Saved entries:
(* There exists a sequence $c=\{c_k\}_{k\in\mathbb Z}$ of real numbers such that, letting $c^-$ be the two-sided sequence with $c^-_k=c_k$ for $k\le0$ and $c^-_k=0$ for $k>0$, and $c^+$ the two-sided sequence with $c^+_k=c_k$ for $k\ge1$ and $c^+_k=0$ for $k\le0$, we have $c^-\notin\overline{\mathrm{GM}}$, $c^+\in\overline{\mathrm{GM}}$, and $c\in\overline{\mathrm{GM}}$.
   Context: For a two-sided sequence $c$: $|\Delta c_k|=|c_k-c_{k+1}|$ for $k>0$, $|\Delta c_k|=|c_k-c_{k-1}|$ for $k<0$, $|\Delta c_0|=|c_0-c_1|+|c_0-c_{-1}|$; for $k\ge0$, $\widehat c_{2^k}=\sup_{2^k\le|m|<2^{k+1}}\frac1{|m|+1}|\sum_{j=0}^mc_j|$, where for $m<0$, $\sum_{j=0}^mc_j$ means $\sum_{j=m}^0c_j$; $[\cdot]$ is the floor function. The sequence $c$ belongs to $\overline{\mathrm{GM}}$ if there is $C>0$ such that for every $n\ge0$, $\sum_{[2^{n-1}]\le|m|<2^n}|\Delta c_m|\le C\sup_{k\in\mathbb N_0}\min(1,2^{k-n})\widehat c_{2^k}$. *)

From HB Require Import structures.
From mathcomp Require Import all_boot all_order all_algebra.
From mathcomp Require Import all_classical all_reals all_analysis.
From mathcomp Require Import Rstruct.
Set Implicit Arguments. Unset Strict Implicit. Unset Printing Implicit Defensive.
Import Order.TTheory GRing.Theory Num.Theory.
Local Open Scope ring_scope.

Notation Rr := Rdefinitions.R.

Definition dabs (c : int -> Rr) (k : int) : Rr :=
  if (0 < k)%R then `|c k - c (k + 1)|
  else if (k < 0)%R then `|c k - c (k - 1)|
  else `|c 0 - c 1| + `|c 0 - c (-1)|.

Definition psum (c : int -> Rr) (m : int) : Rr :=
  if (0 <= m)%R then \sum_(0 <= j < `|m|%N.+1) c (j%:Z)
  else \sum_(0 <= j < `|m|%N.+1) c (- (j%:Z)).

(* hat c_{2^k} = sup_{2^k <= |m| < 2^(k+1)} |sum_{j=0}^m c_j| / (|m|+1);
   m ranges over the integers i - 2^(k+1), 0 <= i <= 2^(k+2), filtered;
   the index set is finite and nonempty and the terms are >= 0,
   so the sup is the max (with 0 as neutral element). *)
Definition hatc (c : int -> Rr) (k : nat) : Rr :=
  \big[Num.max/0]_(i < (2 * 2 ^ k.+1).+1 |
      ((2 ^ k <= `|i%:Z - (2 ^ k.+1)%:Z|%N) && (`|i%:Z - (2 ^ k.+1)%:Z|%N < 2 ^ k.+1))%N)
    (`|psum c (i%:Z - (2 ^ k.+1)%:Z)| / ((`|i%:Z - (2 ^ k.+1)%:Z|%N)%:R + 1)).

(* sum_{[2^(n-1)] <= |m| < 2^n} |Delta c_m|, m = i - 2^n with 0 <= i <= 2^(n+1);
   [2^(n-1)] = 2^n %/ 2 (floor; equals 0 for n = 0). *)
Definition dyadic_var (c : int -> Rr) (n : nat) : Rr :=
  \sum_(i < (2 * 2 ^ n).+1 |
      ((2 ^ n %/ 2 <= `|i%:Z - (2 ^ n)%:Z|%N) && (`|i%:Z - (2 ^ n)%:Z|%N < 2 ^ n))%N)
    dabs c (i%:Z - (2 ^ n)%:Z).

Definition gm_sup (c : int -> Rr) (n : nat) : \bar Rr :=
  ereal_sup [set ((Num.min 1 ((2%:R : Rr) ^ (k%:Z - n%:Z))) * hatc c k)%:E
            | k in [set: nat]].

Definition GMbar (c : int -> Rr) : Prop :=
  exists C : Rr, 0 < C /\
    forall n : nat, ((dyadic_var c n)%:E <= C%:E * gm_sup c n)%E.

Definition cminus (c : int -> Rr) : int -> Rr := fun k => if (k <= 0)%R then c k else 0.
Definition cplus (c : int -> Rr) : int -> Rr := fun k => if (1 <= k)%R then c k else 0.

From mathcomp Require Import all_boot all_order all_algebra.
From mathcomp Require Import all_classical all_reals all_analysis.
From mathcomp Require Import Rstruct.
From mathcomp Require Import ring lra zify.
Import Order.TTheory GRing.Theory Num.Theory.
Local Open Scope ring_scope.

(* Take c_k = (-1)^k for k <= 0 and c_k = k for k >= 1.  The partial sums of c^-
   are bounded, so hat c_{2^k} = O(2^-k) and the right-hand side of the GM
   condition at level n is O(2^-n); yet every dyadic block of c^- contains a jump
   of size 2, so c^- is not in GM.  For c^+ and c the increments are bounded, so
   the left-hand side at level n is O(2^n), while the partial sum up to 2^n is at
   least 2^n (2^n + 1) / 2, which gives hat c_{2^n} >= 2^n / 2. *)

Lemma expr2n_gt0 n : 0 < (2 : Rr) ^+ n.
Proof. by rewrite exprn_gt0. Qed.

Section DyadicQuantities.
Variable f : int -> Rr.

Lemma dabs_ge0 m : 0 <= dabs f m.
Proof. by rewrite /dabs; case: ifP => _; [|case: ifP => _]; rewrite ?addr_ge0. Qed.

Lemma dabs_le (L : Rr) : (forall k, `|f k - f (k + 1)| <= L) -> forall m, dabs f m <= 2 * L.
Proof.
move=> hL m; have L_ge0 : 0 <= L by apply: le_trans (hL 0).
have hL_pred k : `|f k - f (k - 1)| <= L by have := hL (k - 1); rewrite subrK distrC.
rewrite /dabs; case: ifP => _; [|case: ifP => _].
- by have := hL m; lra.
- by have := hL_pred m; lra.
- by have := hL 0; have := hL_pred 0; rewrite sub0r add0r; lra.
Qed.

Lemma dabs_le_dyadic_var n m :
  (2 ^ n %/ 2 <= `|m|%N < 2 ^ n)%N -> dabs f m <= dyadic_var f n.
Proof.
move=> /andP[m_ge m_lt].
have i_lt : (`|(m + (2 ^ n)%:Z)%R|%N < (2 * 2 ^ n).+1)%N by lia.
have ei : (Ordinal i_lt)%:Z - (2 ^ n)%:Z = m by rewrite /=; lia.
rewrite /dyadic_var (bigD1 (Ordinal i_lt)) /= ei ?m_ge ?m_lt //.
by rewrite lerDl sumr_ge0 // => i _; exact: dabs_ge0.
Qed.

Lemma psum_le_hatc k m :
  (2 ^ k <= `|m|%N < 2 ^ k.+1)%N -> `|psum f m| / (`|m|%N%:R + 1) <= hatc f k.
Proof.
move=> /andP[m_ge m_lt].
have i_lt : (`|(m + (2 ^ k.+1)%:Z)%R|%N < (2 * 2 ^ k.+1).+1)%N by lia.
have ei : (Ordinal i_lt)%:Z - (2 ^ k.+1)%:Z = m by rewrite /=; lia.
pose F (i : 'I_(2 * 2 ^ k.+1).+1) := `|psum f (i%:Z - (2 ^ k.+1)%:Z)| /
  ((`|i%:Z - (2 ^ k.+1)%:Z|%N)%:R + 1).
have hP : (2 ^ k <= `|(Ordinal i_lt)%:Z - (2 ^ k.+1)%:Z|%N < 2 ^ k.+1)%N.
  by rewrite ei m_ge.
by apply: le_trans (le_bigmax_cond 0 F hP); rewrite /F ei.
Qed.

Lemma hatc_le_geometric (M : Rr) :
  (forall m, `|psum f m| <= M) -> forall k, hatc f k <= M / 2 ^+ k.
Proof.
move=> hM k; have M_ge0 : 0 <= M by apply: le_trans (hM 0).
apply: bigmax_le => [|i /andP[i_ge i_lt]]; first by rewrite divr_ge0 // ltW ?expr2n_gt0.
set m := `|_|%N in i_ge i_lt *.
have m1_gt0 : 0 < m%:R + 1 :> Rr by rewrite ltr_wpDl // ler0n.
apply: le_trans (_ : M / (m%:R + 1) <= _).
  by rewrite ler_wpM2r // invr_ge0 ltW.
rewrite ler_wpM2l // lef_pV2 ?posrE ?expr2n_gt0 //.
by rewrite -natrX natr1 ler_nat; lia.
Qed.

Lemma hatc_ge0 k : 0 <= hatc f k.
Proof. exact: bigmax_ge_id. Qed.

Lemma hatc_le_gm_sup n : ((hatc f n)%:E <= gm_sup f n)%E.
Proof.
apply: ereal_sup_ubound; exists n => //.
by rewrite subrr expr0z minxx mul1r.
Qed.

Lemma gm_sup_le_geometric (M : Rr) : (forall k, hatc f k <= M / 2 ^+ k) ->
  forall n, (gm_sup f n <= (M / 2 ^+ n)%:E)%E.
Proof.
move=> hM n; apply: ge_ereal_sup => _ [k _ <-]; rewrite lee_fin.
have M_ge0 : 0 <= M.
  by have := hM 0; rewrite expr0 divr1; apply: le_trans; exact: hatc_ge0.
have pow_gt0 : 0 < (2 : Rr) ^ (k%:Z - n%:Z) by rewrite exprz_gt0.
have -> : M / 2 ^+ n = 2 ^ (k%:Z - n%:Z) * (M / 2 ^+ k).
  have -> : (2 : Rr) ^+ k = 2 ^ (k%:Z - n%:Z) * 2 ^+ n.
    by rewrite -[2 ^+ n]/(2 ^ n%:Z) -expfzDr ?pnatr_eq0 // subrK.
  by field; rewrite !lt0r_neq0 ?expr2n_gt0.
apply: le_trans (_ : Num.min 1 (2 ^ (k%:Z - n%:Z)) * (M / 2 ^+ k) <= _).
  by rewrite ler_wpM2l // le_min ler01 ltW.
by rewrite ler_wpM2r ?ge_min ?lexx ?orbT // divr_ge0 // ltW ?expr2n_gt0.
Qed.

Lemma dyadic_var_le (B : Rr) :
  (forall m, dabs f m <= B) -> forall n, dyadic_var f n <= 3 * 2 ^+ n * B.
Proof.
move=> hB n; have B_ge0 : 0 <= B by apply: le_trans (hB 0); exact: dabs_ge0.
rewrite /dyadic_var big_mkcond /=.
apply: le_trans (_ : \sum_(i < (2 * 2 ^ n).+1) B <= _).
  by apply: ler_sum => i _; case: ifP => _.
rewrite sumr_const card_ord -[B *+ _]mulr_natl; apply: ler_wpM2r => //.
rewrite -natrX -natrM ler_nat.
by have := expn_gt0 2 n; lia.
Qed.

Lemma psum_ge_triangular : (forall j : nat, j%:R <= f j%:Z) ->
  forall N : nat, (N * N.+1)%:R / 2 <= psum f N.
Proof.
move=> hf N; rewrite /psum le0z_nat absz_nat.
elim: N => [|N IH]; first by rewrite big_nat1 mul0r; have := hf 0%N.
rewrite big_nat_recr //= (_ : N.+1 * N.+2 = N * N.+1 + 2 * N.+1)%N; last by lia.
by rewrite natrD natrM; have := hf N.+1; lra.
Qed.

Lemma hatc_ge_geometric : (forall j : nat, j%:R <= f j%:Z) ->
  forall n, 2 ^+ n / 2 <= hatc f n.
Proof.
move=> hf n; set x := (2 ^ n)%N.
have hx : (2 ^ n <= `|x%:Z|%N < 2 ^ n.+1)%N by rewrite absz_nat /x expnS; lia.
apply: le_trans _ (psum_le_hatc _ _ hx); rewrite absz_nat.
have x1_gt0 : 0 < x%:R + 1 :> Rr by rewrite ltr_wpDl // ler0n.
rewrite ler_pdivlMr // -natrX -/x; apply: le_trans (ler_norm _).
by have := psum_ge_triangular hf x; rewrite natrM -natr1; lra.
Qed.

Lemma GMbar_of_bounded_steps_linear_growth (L : Rr) : 0 < L ->
  (forall k, `|f k - f (k + 1)| <= L) -> (forall j : nat, j%:R <= f j%:Z) -> GMbar f.
Proof.
move=> L_gt0 hL hf; exists (12 * L); split; first by rewrite mulr_gt0.
move=> n; apply: (@le_trans _ _ ((12 * L)%:E * (hatc f n)%:E)%E); last first.
  by apply: lee_wpmul2l; [rewrite lee_fin mulr_ge0 // ltW | exact: hatc_le_gm_sup].
rewrite -EFinM lee_fin; apply: le_trans (dyadic_var_le _ (dabs_le _ hL) n) _.
have -> : 3 * 2 ^+ n * (2 * L) = 12 * L * (2 ^+ n / 2) by field.
apply: ler_wpM2l; first by rewrite mulr_ge0 // ltW.
exact: hatc_ge_geometric.
Qed.

Lemma not_GMbar_of_bounded_psum (d M : Rr) : 0 < d ->
  (forall n, (0 < n)%N -> d <= dyadic_var f n) -> (forall m, `|psum f m| <= M) -> ~ GMbar f.
Proof.
move=> d_gt0 hd hM [C [C_gt0 hC]].
have M_ge0 : 0 <= M by apply: le_trans (hM 0).
have decay n : (0 < n)%N -> d * 2 ^+ n <= C * M.
  move=> n_gt0; rewrite -ler_pdivlMr ?expr2n_gt0 // -mulrA -lee_fin EFinM.
  apply: (@le_trans _ _ (C%:E * gm_sup f n)%E).
    by apply: le_trans _ (hC n); rewrite lee_fin hd.
  apply: lee_wpmul2l; first by rewrite lee_fin ltW.
  exact: gm_sup_le_geometric (hatc_le_geometric _ hM) n.
have CMd_ge0 : 0 <= d^-1 * (C * M) by rewrite !mulr_ge0 ?invr_ge0 // ltW.
pose a := Num.Def.archi_bound (d^-1 * (C * M)).
have := archi_boundP CMd_ge0; rewrite ltr_pdivrMl // -/a => hCM.
have : d * a%:R < d * 2 ^+ a.+1.
  by rewrite ltr_pM2l // -natrX ltr_nat (ltn_trans (ltnSn a)) // ltn_expl.
by move=> /(lt_trans hCM)/lt_le_trans/(_ (decay a.+1 isT)); rewrite ltxx.
Qed.

End DyadicQuantities.

Definition example_seq (k : int) : Rr := if k <= 0 then (-1) ^+ `|k|%N else k%:~R.

Lemma example_seq_pos (a : nat) : example_seq a.+1 = a.+1%:R.
Proof. by []. Qed.

Lemma example_seq_nonpos k : k <= 0 -> example_seq k = (-1) ^+ `|k|%N.
Proof. by rewrite /example_seq => ->. Qed.

Lemma sum_signr N : \sum_(0 <= j < N.+1) (-1 : Rr) ^+ j = (~~ odd N)%:R.
Proof.
elim: N => [|N IH]; first by rewrite big_nat1 expr0.
rewrite big_nat_recr //= IH -signr_odd /=.
by case: (odd N) => /=; rewrite ?expr1 ?expr0; lra.
Qed.

Lemma psum_cminus_example m : `|psum (cminus example_seq) m| <= 1.
Proof.
rewrite /psum; case: ifP => _.
  rewrite big_nat_recl // big1 ?addr0 => [|j _]; last by rewrite /cminus.
  by rewrite /cminus /= example_seq_nonpos // expr0 normr1.
rewrite (eq_bigr (fun j => (-1 : Rr) ^+ j)) => [|j _]; last first.
  by rewrite /cminus oppr_le0 example_seq_nonpos ?oppr_le0 // abszN absz_nat.
by rewrite sum_signr; case: (odd _); rewrite ?normr1 ?normr0.
Qed.

Lemma norm_signr_step (a : nat) : `|(-1 : Rr) ^+ a.+1 - (-1) ^+ a| = 2.
Proof. by rewrite exprS mulN1r -opprD normrN -mulr2n normrMn normrX normrN1 expr1n. Qed.

Lemma dabs_cminus_example_neg (a : nat) : dabs (cminus example_seq) (Negz a) = 2.
Proof.
rewrite /dabs /= (_ : Negz a - 1 = Negz a.+1); last by rewrite !NegzE; lia.
by rewrite /cminus /= -(norm_signr_step a.+1) distrC.
Qed.

Lemma dyadic_var_cminus_example n : (0 < n)%N -> 2 <= dyadic_var (cminus example_seq) n.
Proof.
move=> n_gt0; have pow_ge2 : (2 <= 2 ^ n)%N by rewrite -{1}(expn1 2) leq_exp2l.
rewrite -(dabs_cminus_example_neg (2 ^ n - 2)); apply: dabs_le_dyadic_var.
by rewrite /absz; lia.
Qed.

Lemma example_seq_step k : `|example_seq k - example_seq (k + 1)| <= 2.
Proof.
case: k => [[|a]|a].
- by rewrite subrr normr0 ler0n.
- by rewrite -PoszD addn1 !example_seq_pos distrC -natrB // subSnn normr1 ler1n.
- rewrite example_seq_nonpos // example_seq_nonpos; last by rewrite NegzE; lia.
  rewrite (_ : Negz a + 1 = - a%:Z); last by rewrite NegzE; lia.
  by rewrite abszN absz_nat norm_signr_step.
Qed.

Lemma cplus_example_step k : `|cplus example_seq k - cplus example_seq (k + 1)| <= 1.
Proof.
rewrite /cplus; case: k => [[|a]|a] /=.
- by rewrite sub0r normrN normr1.
- by rewrite -PoszD addn1 !example_seq_pos distrC -natrB // subSnn normr1.
- rewrite (_ : (1 <= Negz a + 1) = false); last by rewrite NegzE; lia.
  by rewrite subrr normr0.
Qed.

Lemma example_seq_ge_nat (j : nat) : j%:R <= example_seq j.
Proof. by case: j => [|j]; rewrite ?example_seq_pos //= expr0 ler01. Qed.

Lemma cplus_example_ge_nat (j : nat) : j%:R <= cplus example_seq j.
Proof. by case: j => [|j]; rewrite /cplus //= lexx. Qed.

Theorem mainTheorem16 :
  exists c : int -> Rdefinitions.R,
    ~ GMbar (cminus c) /\ GMbar (cplus c) /\ GMbar c.
Proof.
exists example_seq; split; [|split].
- exact: (not_GMbar_of_bounded_psum _ _ _ (ltr0Sn _ 1) dyadic_var_cminus_example
    psum_cminus_example).
- exact: (GMbar_of_bounded_steps_linear_growth _ _ ltr01 cplus_example_step
    cplus_example_ge_nat).
- exact: (GMbar_of_bounded_steps_linear_growth _ _ (ltr0Sn _ 1) example_seq_step
    example_seq_ge_nat).
Qed.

Task:
The lines from the first of the entries through the line holding "(2 * 2 ^ k.+1).+1 |" are to be restated word for word, and no others.

Your solution:
(* There exists a sequence $c=\{c_k\}_{k\in\mathbb Z}$ of real numbers such that, letting $c^-$ be the two-sided sequence with $c^-_k=c_k$ for $k\le0$ and $c^-_k=0$ for $k>0$, and $c^+$ the two-sided sequence with $c^+_k=c_k$ for $k\ge1$ and $c^+_k=0$ for $k\le0$, we have $c^-\notin\overline{\mathrm{GM}}$, $c^+\in\overline{\mathrm{GM}}$, and $c\in\overline{\mathrm{GM}}$.
   Context: For a two-sided sequence $c$: $|\Delta c_k|=|c_k-c_{k+1}|$ for $k>0$, $|\Delta c_k|=|c_k-c_{k-1}|$ for $k<0$, $|\Delta c_0|=|c_0-c_1|+|c_0-c_{-1}|$; for $k\ge0$, $\widehat c_{2^k}=\sup_{2^k\le|m|<2^{k+1}}\frac1{|m|+1}|\sum_{j=0}^mc_j|$, where for $m<0$, $\sum_{j=0}^mc_j$ means $\sum_{j=m}^0c_j$; $[\cdot]$ is the floor function. The sequence $c$ belongs to $\overline{\mathrm{GM}}$ if there is $C>0$ such that for every $n\ge0$, $\sum_{[2^{n-1}]\le|m|<2^n}|\Delta c_m|\le C\sup_{k\in\mathbb N_0}\min(1,2^{k-n})\widehat c_{2^k}$. *)

From HB Require Import structures.
From mathcomp Require Import all_boot all_order all_algebra.
From mathcomp Require Import all_classical all_reals all_analysis.
From mathcomp Require Import Rstruct.
Set Implicit Arguments. Unset Strict Implicit. Unset Printing Implicit Defensive.
Import Order.TTheory GRing.Theory Num.Theory.
Local Open Scope ring_scope.

Notation Rr := Rdefinitions.R.

Definition dabs (c : int -> Rr) (k : int) : Rr :=
  if (0 < k)%R then `|c k - c (k + 1)|
  else if (k < 0)%R then `|c k - c (k - 1)|
  else `|c 0 - c 1| + `|c 0 - c (-1)|.

Definition psum (c : int -> Rr) (m : int) : Rr :=
  if (0 <= m)%R then \sum_(0 <= j < `|m|%N.+1) c (j%:Z)
  else \sum_(0 <= j < `|m|%N.+1) c (- (j%:Z)).

(* hat c_{2^k} = sup_{2^k <= |m| < 2^(k+1)} |sum_{j=0}^m c_j| / (|m|+1);
   m ranges over the integers i - 2^(k+1), 0 <= i <= 2^(k+2), filtered;
   the index set is finite and nonempty and the terms are >= 0,
   so the sup is the max (with 0 as neutral element). *)
Definition hatc (c : int -> Rr) (k : nat) : Rr :=
  \big[Num.max/0]_(i < (2 * 2 ^ k.+1).+1 |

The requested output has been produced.